Which is great for owner Bill Ridge's business, except for one thing: parking. There isn't much.
This DQ doesn't sit on a vast expanse of suburban real estate; more like a cubicle of asphalt. For years, customers approaching the DQ have pulled into the parking lot next door, where there's a Starbucks emporium, plus a Jimmy John's sandwich shop and other businesses. The DQ customers didn't pay much heed to parking lot signs warning that interlopers could be towed because, in general, they weren't.
This spring, however, the owners of that next-door lot cracked down on the DQ intruders. Even those customers who briefly alighted could find themselves booted after a few minutes, even a few seconds. That added $130 to the cost of that chocolate-chip banana Blizzard.
"Two minutes after I left my car, they booted me," Glenview resident Heidi Rosenberg told a Pioneer Press reporter. "It left a bad taste in my mouth. ... It's an ugly way to handle the problem."
Shades of folk singer Steve Goodman's famous "Lincoln Park Pirates."

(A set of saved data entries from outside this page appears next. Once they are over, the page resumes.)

(* Let $\alpha_1,\alpha_2>0$ with $\alpha_1\neq\alpha_2$. Then $x=\tfrac12$ is the unique solution in $(0,1)$ of $F_{\alpha_1}(x)=F_{\alpha_2}(x)$.
   Context: For $\alpha>0$, $F_\alpha(t)=\int_0^t\frac{[x(1-x)]^{\alpha-1}}{B(\alpha,\alpha)}dx$ is the distribution function of the symmetric Beta$(\alpha,\alpha)$ law, $B$ being the Beta function. *)

From Stdlib Require Import Reals.
From Coquelicot Require Import Coquelicot.
Open Scope R_scope.

Definition beta_kernel (alpha x : R) : R := Rpower (x * (1 - x)) (alpha - 1).

(* Beta function B(alpha,alpha) = int_0^1 [x(1-x)]^(alpha-1) dx
   (improper at both endpoints when alpha < 1). *)
Definition Beta_sym (alpha : R) : R :=
  RInt_gen (beta_kernel alpha) (at_right 0) (at_left 1).

Definition F (alpha t : R) : R :=
  RInt_gen (fun x => beta_kernel alpha x / Beta_sym alpha) (at_right 0) (at_point t).

From Stdlib Require Import Reals Lra Classical.
From Coquelicot Require Import Coquelicot.
Open Scope R_scope.

(* Write k_a(x) = [x(1-x)]^(a-1) for the Beta(a,a) kernel and
   I_a(s) = int_s^{1/2} k_a for its mass between s and the centre 1/2.

   1. k_a is positive, continuous on (0,1) and symmetric about 1/2.  I_a is
      nonincreasing and, as k_a(y) <= C y^(a-1) near 0, bounded when a > 0;
      so I_a(s) increases to a finite limit as s -> 0+.
   2. Turning this limit into improper integrals (the upper half by the
      reflection x |-> 1-x) shows that the limit is B(a,a)/2 and that
      F_a(t) = 1/2 + int_{1/2}^t k_a / B(a,a) for 0 < t < 1; so F_a(1/2) = 1/2.
   3. A single-crossing lemma: if g/f is strictly increasing on (0,b], then
      the normalised mass of [y,b] is strictly larger for g than for f.  With
      f = k_{a1}, g = k_{a2} and a1 < a2 the ratio is [x(1-x)]^(a2-a1).
   4. By step 2, F_{a1}(x) = F_{a2}(x) says that these normalised masses agree
      (for x > 1/2 after reflection), which by step 3 forces x = 1/2. *)

Lemma ball_R_iff (x e y : R) : ball x e y <-> x - e < y < x + e.
Proof.
  unfold ball; simpl. unfold AbsRing_ball, abs, minus, plus, opp; simpl.
  split; intros H; [apply Rabs_def2 in H | apply Rabs_def1]; lra.
Qed.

Recently, the ugliness apparently snowballed into a full-scale meltdown: Wilmette police reported that someone threw rocks through the windows of two businesses fronting that parking lot. One business received a letter threatening escalating retaliation if "illegal booting keeps going on ..."

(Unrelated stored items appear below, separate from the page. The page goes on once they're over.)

(* Fix $c \in \mathbb{R}$. For any $\vartheta \in \mathbb{R}$ and any $\alpha \in (0, 0.5)$ there exists $\delta > 0$ such that whenever $c < x^{\text{obs}} < c + \delta$, we have $\vartheta \notin [\theta(1-\alpha/2), \theta(\alpha/2)]$, where $\theta(\cdot)$ is computed at this $x^{\text{obs}}$.
   Context: Let $\Phi$ denote the standard normal distribution function. For $c \in \mathbb{R}$, $a \ge c$ and $\theta \in \mathbb{R}$ define $$F(a;\theta,c) = \frac{\Phi(a-\theta) - \Phi(c-\theta)}{1-\Phi(c-\theta)}.$$ It is known that for each fixed $x^{\text{obs}} > c$ the map $\theta \mapsto F(x^{\text{obs}};\theta,c)$ is continuous and strictly decreasing from $\mathbb{R}$ onto $(0,1)$. For $p \in (0,1)$ and $x^{\text{obs}} > c$, $\theta(p) = \theta(p; x^{\text{obs}}, c)$ denotes the unique $\theta$ with $F(x^{\text{obs}};\theta,c) = p$; it is strictly decreasing in $p$. The interval $[\theta(1-\alpha/2), \theta(\alpha/2)]$ is the $100(1-\alpha)\%$ conditional confidence interval. *)

From Stdlib Require Import Reals.
From Coquelicot Require Import Coquelicot.
Open Scope R_scope.

Definition std_normal_pdf (t : R) : R := exp (- (t ^ 2) / 2) / sqrt (2 * PI).

Definition Phi (x : R) : R :=
  RInt_gen std_normal_pdf (Rbar_locally m_infty) (at_point x).

Definition F (a theta c : R) : R :=
  (Phi (a - theta) - Phi (c - theta)) / (1 - Phi (c - theta)).

(* theta(p; xobs, c) is characterised as the (unique) solution t of F(xobs; t, c) = p *)
Definition is_theta (p xobs c t : R) : Prop := F xobs t c = p.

We pause here for a disclosure: We know Ridge and are longtime customers of his DQ. We have on occasion availed ourselves (momentarily!) of the next door parking lot when the DQ lot is filled.
That said, as devotees of free markets and the rights of property owners, we sympathize with MJK Real Estate and its defense of parking spaces for its tenants and their customers. The property manager, who declined to be identified, tells us that he has been "hindered" in leasing out the building because of scarce parking. "It's just a very difficult situation."
In recent weeks, a glimmer of good news: MJK has agreed to end booting after 9 p.m., giving DQ customers a free hour or so before the DQ closes. That's a good start on what we hope becomes a full-blown truce.
We'd like to encourage both sides to seek a gentler solution.
Would DQ customers be willing to fork over a nominal fee for a brief parking lot visit? We would.
Could the DQ offer some sort of blandishment -- free banana splits? -- to customers or tenants next door as a quid pro quo for allowing DQ customers a few minutes to linger over cones?
Could there simply be a short grace period (longer than five seconds) while customers get their DQ fix, with clear signs warning that DQ customers can't dawdle in the lot?
Ridge says his family has owned this DQ since 1966 and "we've never seen anything" like this parking lot tempest. He says some customers have vowed not to return because of the booting threat.
Life without DQ? Unthinkable.
We can only imagine one benefit from this parking lot war. Knowing that the boot looms should help customers decide faster -- chocolate or vanilla? Dilly or Buster bar? That should keep those long lines moving.